Now consider the traffic operating problems caused by these violations of standard traffic law. We have motorists trying, despite the other demands on their attention caused by the intersection, to observe, and to yield to, traffic overtaking them. They just cannot devote much attention to that part of the task. This has been formally described since 1972, published nationally in 1977, but this knowledge was obviously a strong factor when the original vehicle codes were being written in the first third of this century. We have cyclists encouraged to ride straight on into this dangerous situation, which would normally be unlawful, in the hope that the motorists will both understand this unusual duty and have the ability to perform it. We have cyclists encouraged to make sharp turns and swerves, otherwise unlawful, without yielding to the affected traffic, in the hope that this traffic will understand their plight and avoid their movements.

There is nothing mysterious about these matters, legal, physical, or operational. I am sure that had Portland's highway engineers designed such lane patterns for motor traffic, the investigators would have soundly criticized the designs, if, indeed, the designs had survived long enough to justify an investigation.

6.6.2 Specific Investigators' Guilt

The plain fact, and it cannot be doubted, is that either one or both of two conditions exist.

  1. 1: The first is that the investigators are bare-faced liars who are willing to write any report for which the money is forthcoming, or, more likely, which supports the desires of the powerful organizations which support their research programs.
  2. 2: The second is that the minds of the investigators are so discombobulated (this seems to be the appropriate word for this condition) that, whenever they think of bicycle traffic, they become incapable of applying the traffic-engineering and motoring knowledge that they, as traffic experts, must be presumed to possess.

7 The National Bicycle-Traffic Program

7.1 The Dangers of the National Bicycle Traffic Program

What we have is one more example of the desire of the most powerful highway organizations to control cyclists as rolling pedestrians instead of as drivers of vehicles, and of their willingness and ability to pay for pseudo-scientific propaganda to support that desire. What we have is one more example of the complete mental inability, by traffic professionals, to comprehend the standard traffic-engineering principles that they supposedly know, whenever they start to consider bicycle traffic. The immediate result, in the case of this investigation, is unjustified praise for reducing the dangers of bike-lane designs that should never have been produced in the first place.

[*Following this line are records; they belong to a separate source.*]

Lemma mob_conj_scalar m k p : mx2_det m != 0 -> k != 0 ->
  mob (mx2_conj m ((k, 0), (0, k))) p = p.
Proof.
move=> m0 k0; rewrite /mob /mx2_conj !mx2_actM.
have -> u : mx2_act ((k, 0), (0, k)) u = scale2 k u.
  by rewrite /mx2_act /scale2 /=; congr pair; ring.
by rewrite mx2_act_scale2 mx2_act_adj !proj_scale2 ?proj_hom.
Qed.

Lemma det2_mx2_conj m n u v :
  det2 u (mx2_act (mx2_conj m n) v) =
  det2 (mx2_act (mx2_adj m) u) (mx2_act n (mx2_act (mx2_adj m) v)).
Proof. by rewrite /mx2_conj !mx2_actM det2_mx2_actr. Qed.

Lemma det2_hom_mob m p : mx2_det m != 0 -> det2 (hom (mob m p)) (mx2_act m (hom p)) = 0.
Proof.
move=> m0; have [l _ ->] := hom_proj (mx2_act_neq0 m0 (hom_neq0 p)).
by rewrite det2_scale2l /det2; ring.
Qed.

Lemma is_mobiusP (tau : sphere -> sphere) :
  is_mobius tau <-> exists2 m, mx2_det m != 0 & tau =1 mob m.
Proof.
split=> [[a [b [c [d [ad tauE]]]]]|[[[a b] [c d]] m0 tauE]].
  by exists ((a, b), (c, d)) => // p; rewrite tauE mobius_actE.
by exists a, b, c, d; split=> // p; rewrite tauE mobius_actE.
Qed.

Lemma Deck_mob (f : sphere -> sphere) m tau : mx2_det m != 0 ->
  (forall p, f (mob m p) = f p) -> tau =1 mob m -> Deck f tau.
Proof.
move=> m0 fm tauE; split=> [|p]; last by rewrite tauE fm.
by apply/is_mobiusP; exists m.
Qed.

Lemma mob_eq_of_det2 m n : mx2_det m != 0 -> mx2_det n != 0 ->
  (forall u, det2 (mx2_act m u) (mx2_act n u) = 0) -> mob m =1 mob n.
Proof. by move=> m0 n0 mn p; apply/eq_proj; rewrite ?mx2_act_neq0 ?hom_neq0. Qed.

Lemma mob_fixE m p : mx2_det m != 0 -> mob m p = p <-> det2 (hom p) (mx2_act m (hom p)) = 0.
Proof.
move=> m0; rewrite -{2}[p]proj_hom /mob eq_proj ?mx2_act_neq0 ?hom_neq0 // det2C.
by split=> [/eqP|->]; rewrite ?oppr0 // oppr_eq0 => /eqP.
Qed.

Lemma mob_conj_fixE m n p : mx2_det m != 0 -> mx2_det n != 0 ->
  mob (mx2_conj m n) p = p <->
  det2 (mx2_act (mx2_adj m) (hom p)) (mx2_act n (mx2_act (mx2_adj m) (hom p))) = 0.
Proof.
by move=> m0 n0; rewrite mob_fixE ?mx2_det_conj ?mulf_neq0 ?expf_neq0 // det2_mx2_conj.
Qed.

(** * Binary quadratic forms and the coalescing normal form *)

Definition sq2 u : C * C := (u.1 ^+ 2, u.2 ^+ 2).

Lemma qlift_mx2_cols F u v w : qpolar F u v = (0, 0) ->
  qlift F (mx2_act (mx2_cols u v) w) = mx2_act (mx2_cols (qlift F u) (qlift F v)) (sq2 w).
Proof.
case: u v w => u1 u2 [v1 v2] [w1 w2] /pair_equal_spec[P1 P2].
rewrite /qpolar /= in P1 P2; rewrite /qlift /mx2_act /mx2_cols /sq2 /=; congr pair.
  by rewrite -[RHS]addr0 -(mulr0 (w1 * w2)) -P1; ring.
by rewrite -[RHS]addr0 -(mulr0 (w1 * w2)) -P2; ring.
Qed.

Lemma poly_eq0_of_horner (P : {poly C}) : (forall z, P.[z] = 0) -> P = 0.
Proof.
move=> P0; apply: (@roots_geq_poly_eq0 _ P [seq i%:R | i <- iota 0 (size P)]).
- by apply/allP => z _; rewrite /root P0.
- by rewrite map_inj_uniq ?iota_uniq // => i j /eqP; rewrite eqr_nat => /eqP.
- by rewrite size_map size_iota.
Qed.

Definition det2_coefs m n : seq C :=
  [:: m.1.2 * n.2.2 - m.2.2 * n.1.2;
      m.1.1 * n.2.2 + m.1.2 * n.2.1 - m.2.1 * n.1.2 - m.2.2 * n.1.1;
      m.1.1 * n.2.1 - m.2.1 * n.1.1].

Definition det2_poly m n : {poly C} := Poly (det2_coefs m n).

Lemma det2_mx2_act_coefs m n u : det2 (mx2_act m u) (mx2_act n u) =
  (det2_coefs m n)`_2 * u.1 ^+ 2 + (det2_coefs m n)`_1 * u.1 * u.2 +
  (det2_coefs m n)`_0 * u.2 ^+ 2.
Proof. by rewrite /det2 /mx2_act /=; ring. Qed.

Lemma horner_det2_poly m n z :
  (det2_poly m n).[z] = det2 (mx2_act m (z, 1)) (mx2_act n (z, 1)).
Proof. by rewrite horner_Poly det2_mx2_act_coefs /=; ring. Qed.

Lemma det2_poly_eq0 m n : det2_poly m n = 0 ->
  forall u, det2 (mx2_act m u) (mx2_act n u) = 0.
Proof.
move=> mn0 u; have cf0 i : (det2_coefs m n)`_i = 0.
  by rewrite -coef_Poly -/(det2_poly m n) mn0 coef0.
by rewrite det2_mx2_act_coefs !cf0 !mul0r !addr0.
Qed.

(* In the affine coordinate z = u.1 / u.2: z |-> -z, z |-> r / z and z |-> - r / z. *)
Definition neg_mx : mx2 := ((-1, 0), (0, 1)).
Definition rinv_mx r : mx2 := ((0, r), (1, 0)).
Definition nrinv_mx r : mx2 := ((0, - r), (1, 0)).

Lemma mx2_1_unit : mx2_det mx2_1 != 0.
Proof. by rewrite /mx2_det /= mulr1 mulr0 subr0 oner_eq0. Qed.

Lemma neg_mx_unit : mx2_det neg_mx != 0.
Proof. by rewrite /mx2_det /= mulr1 mulr0 subr0 oppr_eq0 oner_eq0. Qed.

Lemma rinv_mx_unit r : r != 0 -> mx2_det (rinv_mx r) != 0.
Proof. by rewrite /mx2_det /= mul0r mulr1 sub0r oppr_eq0. Qed.

Lemma nrinv_mx_unit r : r != 0 -> mx2_det (nrinv_mx r) != 0.
Proof. by rewrite /mx2_det /= mul0r mulr1 sub0r opprK. Qed.

Definition coalescing_mx a c r : mx2 := ((a, - (r * a)), (c, r * c)).

Lemma coalescing_mx_entries Q : mx2_det Q != 0 -> Q.1.2 * Q.2.1 + Q.1.1 * Q.2.2 = 0 ->
  [/\ Q.1.1 != 0, Q.1.2 != 0 & Q.2.1 != 0].
Proof.
case: Q => [[a b] [c d]]; rewrite /mx2_det /= => Q0 e.
have ad : a * d = - (b * c) by apply/eqP; rewrite -addr_eq0 addrC e.
have bc0 : b * c != 0.
  by apply: contraNneq Q0 => bc0; rewrite ad bc0 oppr0 addr0.
have ad0 : a * d != 0 by rewrite ad oppr_eq0.
by move: ad0 bc0; rewrite !mulf_eq0 !negb_or => /andP[-> _] /andP[-> ->].
Qed.

Lemma coalescing_mxE Q : Q.1.1 != 0 -> Q.1.2 * Q.2.1 + Q.1.1 * Q.2.2 = 0 ->
  Q = coalescing_mx Q.1.1 Q.2.1 (- Q.1.2 / Q.1.1).
Proof.
case: Q => [[a b] [c d]] /= a0 e; rewrite /coalescing_mx /=.
have ad : a * d = - (b * c) by apply/eqP; rewrite -addr_eq0 addrC e.
congr (_, _); congr (_, _); first by field.
by apply: (mulfI a0); rewrite ad; field.
Qed.

Lemma det2_coalescing_iterate A a c r w u :
  let Q := coalescing_mx a c r in
  det2 (mx2_act A (sq2 (mx2_act Q (sq2 w)))) (mx2_act A (sq2 (mx2_act Q (sq2 u)))) =
  mx2_det A * (2%:R * r * a * c) * (2%:R * a * c) *
  (det2 w (mx2_act mx2_1 u) * det2 w (mx2_act neg_mx u) *
   det2 w (mx2_act (rinv_mx r) u) * det2 w (mx2_act (nrinv_mx r) u)).
Proof. by case: w u => w1 w2 [u1 u2]; rewrite /det2 /mx2_act /mx2_det /sq2 /=; ring. Qed.

End Homogeneous.

Arguments mx2_1 {R}.
Arguments neg_mx {R}.

Lemma klein_four_distinct (T : Type) (s1 s2 s3 : T -> T) :
  involutive s1 -> involutive s2 -> (forall p, s1 (s2 p) = s3 p) ->
  (exists p, s1 p <> p) -> (exists p, s2 p <> p) -> (exists p, s3 p <> p) ->
  [/\ exists p, s1 p <> s2 p, exists p, s1 p <> s3 p & exists p, s2 p <> s3 p].
Proof.
move=> s1K s2K s12 [p1 n1] [p2 n2] [p3 n3]; split.
- by exists p3 => e; apply: n3; rewrite -s12 -e s1K.
- by exists p2 => e; apply: n2; rewrite -[s2 p2]s1K s12 -e s1K.
- exists (s2 p1) => e; apply: n1.
  by rewrite s2K -s12 s2K in e; rewrite -e.
Qed.

(** * Critically coalescing quadratic maps *)

Section CriticallyCoalescing.
Variable R : realType.
Local Notation C := R[i].
Local Notation sphere := (sphere R).
Local Notation hom := Defs.hom.
Local Notation proj := Defs.proj.
Variables (F : qrat R) (c1 c2 : sphere).
Hypothesis F_quadratic : is_quadratic F.
Hypothesis F_critical : forall p, is_critical F p <-> p = c1 \/ p = c2.
Hypothesis F_c1_neq_c2 : qmap F c1 <> qmap F c2.
Hypothesis F2_c1_eq_c2 : qmap F (qmap F c1) = qmap F (qmap F c2).
Implicit Types (p q : sphere) (x y : C * C).

Local Notation F2 := (fun p => qmap F (qmap F p)).

Definition crit_mx := mx2_cols (hom c2) (hom c1).
Definition critval_mx := mx2_cols (qlift F (hom c2)) (qlift F (hom c1)).
Definition normal_mx := mx2_mul (mx2_adj crit_mx) critval_mx.

Local Notation M := crit_mx.
Local Notation A := critval_mx.
Local Notation Q := normal_mx.
Local Notation adjM := (mx2_act (mx2_adj crit_mx)).

Lemma crit_mx_unit : mx2_det M != 0.
Proof.
rewrite mx2_det_cols; apply/eqP => /eq_hom c21.
by apply: F_c1_neq_c2; rewrite c21.
Qed.

Lemma critval_mx_unit : mx2_det A != 0.
Proof.
rewrite mx2_det_cols; apply/eqP => /eq_proj Fc21; apply: F_c1_neq_c2.
by rewrite /qmap Fc21 // qlift_neq0 // hom_neq0.
Qed.

Lemma qpolar_crit : qpolar F (hom c2) (hom c1) = (0, 0).
Proof.
have half_eq0 (z : C) : 0 = 2%:R * z -> z = 0.
  by move/esym/eqP; rewrite mulf_eq0 pnatr_eq0 => /eqP.
apply: (det2_indep_eq0 (a := qlift F (hom c2)) (b := qlift F (hom c1))).
- by rewrite -mx2_det_cols critval_mx_unit.
- apply: half_eq0; rewrite -qjac_det2.
  have /F_critical -> : c2 = c1 \/ c2 = c2 by right.
  by rewrite mul0r.
- apply: half_eq0; rewrite qpolarC -qjac_det2.
  have /F_critical -> : c1 = c1 \/ c1 = c2 by left.
  by rewrite mul0r.
Qed.

Lemma qlift_normal x :
  scale2 (mx2_det M ^+ 2) (qlift F x) = mx2_act A (sq2 (adjM x)).
Proof. by rewrite -qlift_scale2 -mx2_act_adj qlift_mx2_cols // qpolar_crit. Qed.

Lemma qlift2_normal x :
  scale2 (mx2_det M ^+ 6) (qlift F (qlift F x)) =
  mx2_act A (sq2 (mx2_act Q (sq2 (adjM x)))).
Proof.
have := qlift_normal (mx2_act A (sq2 (adjM x))).
rewrite -mx2_actM -/normal_mx -qlift_normal qlift_scale2 scale2A => <-.
by rewrite -exprM -exprD.
Qed.

Lemma normal_mx_coalescing : Q.1.2 * Q.2.1 + Q.1.1 * Q.2.2 = 0.
Proof.
have nz x : x != (0, 0) -> qlift F (qlift F x) != (0, 0).
  by move=> x0; rewrite !qlift_neq0.
move: F2_c1_eq_c2; rewrite !qmap_qmap // => /(eq_proj (nz _ (hom_neq0 _)) (nz _ (hom_neq0 _))).
move=> /(congr1 (fun z => mx2_det M ^+ 6 * mx2_det M ^+ 6 * z)).
rewrite -det2_scale2 !qlift2_normal det2_mx2_act mulr0.
have adj_c1 : adjM (hom c1) = (0, mx2_det M).
  by rewrite mx2_act_adj_cols mx2_det_cols /det2; congr pair; ring.
have adj_c2 : adjM (hom c2) = (mx2_det M, 0).
  by rewrite mx2_act_adj_cols mx2_det_cols /det2; congr pair; ring.
have detQ : mx2_det Q = mx2_det M * mx2_det A by rewrite mx2_detM mx2_det_adj.
rewrite adj_c1 adj_c2.
have -> : det2 (sq2 (mx2_act Q (sq2 (0, mx2_det M)))) (sq2 (mx2_act Q (sq2 (mx2_det M, 0)))) =
    - (mx2_det M ^+ 8 * mx2_det Q) * (Q.1.2 * Q.2.1 + Q.1.1 * Q.2.2).
  by rewrite /det2 /sq2 /mx2_act /mx2_det /=; ring.
have K0 : mx2_det A * - (mx2_det M ^+ 8 * mx2_det Q) != 0.
  by rewrite detQ mulf_neq0 ?oppr_eq0 ?mulf_neq0 ?expf_neq0 ?crit_mx_unit ?critval_mx_unit.
by move/eqP; rewrite mulrA mulf_eq0 (negbTE K0) => /eqP.
Qed.

Definition coalescing_param : C := - Q.1.2 / Q.1.1.
Local Notation r := coalescing_param.

Lemma normal_mx_entries : [/\ Q.1.1 != 0, Q.1.2 != 0 & Q.2.1 != 0].
Proof.
apply: coalescing_mx_entries normal_mx_coalescing.
by rewrite mx2_detM mx2_det_adj mulf_neq0 ?crit_mx_unit ?critval_mx_unit.
Qed.

Lemma normal_mxE : Q = coalescing_mx Q.1.1 Q.2.1 r.
Proof. by case: normal_mx_entries => Q11 _ _; exact: coalescing_mxE normal_mx_coalescing. Qed.

Lemma coalescing_param_neq0 : r != 0.
Proof.
case: normal_mx_entries => Q11 Q12 _.
by rewrite /coalescing_param mulf_neq0 ?oppr_eq0 ?invr_eq0.
Qed.

Lemma conj_crit_unit N : mx2_det N != 0 -> mx2_det (mx2_conj M N) != 0.
Proof. by move=> N0; rewrite mx2_det_conj mulf_neq0 ?expf_neq0 ?crit_mx_unit. Qed.

Definition deck1 := mob (mx2_conj M neg_mx).
Definition deck2 := mob (mx2_conj M (rinv_mx r)).
Definition deck3 := mob (mx2_conj M (nrinv_mx r)).

Definition fiber_form x y : C :=
  det2 y (mx2_act (mx2_conj M mx2_1) x) * det2 y (mx2_act (mx2_conj M neg_mx) x) *
  det2 y (mx2_act (mx2_conj M (rinv_mx r)) x) * det2 y (mx2_act (mx2_conj M (nrinv_mx r)) x).

Lemma qmap2_eqE p q : F2 q = F2 p <-> fiber_form (hom p) (hom q) = 0.
Proof.
rewrite /= !qmap_qmap // eq_proj ?qlift_neq0 ?hom_neq0 //.
case: normal_mx_entries => Q11 Q12 Q21.
have K0 : mx2_det A * (2%:R * r * Q.1.1 * Q.2.1) * (2%:R * Q.1.1 * Q.2.1) != 0.
  by rewrite !mulf_neq0 ?pnatr_eq0 ?critval_mx_unit ?oppr_eq0 ?invr_eq0.
apply: (scaled_eq0 (expf_neq0 12 crit_mx_unit) K0).
rewrite (_ : 12 = 6 + 6)%N // exprD -det2_scale2 !qlift2_normal [in LHS]normal_mxE.
by rewrite det2_coalescing_iterate /fiber_form !det2_mx2_conj.
Qed.

Definition klein_mxs := [:: mx2_1; neg_mx; rinv_mx r; nrinv_mx r].

Lemma klein_mx_unit N : N \in klein_mxs -> mx2_det (mx2_conj M N) != 0.
Proof.
rewrite !inE => /or4P[]/eqP-> {N}; apply: conj_crit_unit.
- exact: mx2_1_unit.
- exact: neg_mx_unit.
- exact: rinv_mx_unit coalescing_param_neq0.
- exact: nrinv_mx_unit coalescing_param_neq0.
Qed.

Lemma mob_conj_crit1 : mob (mx2_conj M mx2_1) =1 id.
Proof. by move=> p; apply: mob_conj_scalar crit_mx_unit (oner_neq0 _). Qed.

Lemma Deck_F2_klein N tau : N \in klein_mxs -> tau =1 mob (mx2_conj M N) -> Deck F2 tau.
Proof.
move=> hN; apply: Deck_mob (klein_mx_unit hN) _ => p; apply/qmap2_eqE.
have := det2_hom_mob p (klein_mx_unit hN).
by move: hN; rewrite /fiber_form !inE => /or4P[]/eqP-> ->; rewrite ?mulr0 ?mul0r.
Qed.

Lemma F2_invariant_mob m : mx2_det m != 0 -> (forall p, F2 (mob m p) = F2 p) ->
  exists2 N, N \in klein_mxs & mob m =1 mob (mx2_conj M N).
Proof.
move=> m0 Fm; pose P N := det2_poly m (mx2_conj M N).
have P0 : P mx2_1 * P neg_mx * P (rinv_mx r) * P (nrinv_mx r) = 0.
  apply: poly_eq0_of_horner => z; rewrite !hornerM !horner_det2_poly.
  have [l l0 hl] := hom_proj (mx2_act_neq0 m0 (hom_neq0 (Some z))).
  have /qmap2_eqE := Fm (Some z); rewrite /fiber_form /mob hl !det2_scale2l /=.
  set a := det2 _ _; set b := det2 _ _; set c := det2 _ _; set d := det2 _ _.
  have -> : l * a * (l * b) * (l * c) * (l * d) = l ^+ 4 * (a * b * c * d) by ring.
  by move/eqP; rewrite mulf_eq0 expf_eq0 (negbTE l0) andbF => /eqP.
suff [N hN /det2_poly_eq0 PN0] : exists2 N, N \in klein_mxs & P N = 0.
  by exists N => //; apply: mob_eq_of_det2 PN0 => //; exact: klein_mx_unit.
move/eqP: P0; rewrite !mulf_eq0 -!orbA => /or4P[]/eqP PN0; eexists; try exact: PN0.
all: by rewrite !inE eqxx ?orbT.
Qed.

What we have, in the long run, is subversion of the traffic-operating knowledge that allows our traffic to operate smoothly and safely. The superstitions embodied in bike-lane design encourage both motorists and cyclists to operate in dangerous ways that contradict the standard traffic laws, in the mistaken belief that these are safer.

The subject report is one more piece of evidence that the National Bicycle-Traffic Program is being run according to the Cyclist-Inferiority Phobia, which provides its only pseudo-intellectual support.

7.2 How to Rescue the National Bicycle-Traffic Program

There is only one known way for cyclists to operate safely and efficiently in areas where there is other traffic. That is, for all that traffic to operate according to the traffic laws for drivers of vehicles. We have made that impossible in the case of pedestrian traffic, so that it is extremely dangerous for cyclists to operate in the normal manner when around pedestrians. We are on the road to making that impossible in the case of cyclists and motor traffic. That course must be reversed. The National Bicycle-Traffic Program must be changed to facilitate and require that both motorists and cyclists operate according to the standard traffic laws for drivers of vehicles, with facilities designed accordingly.

We must replace the present national bicycling policy of the Cyclist-Inferiority Phobia with the Vehicular-Cycling Principle.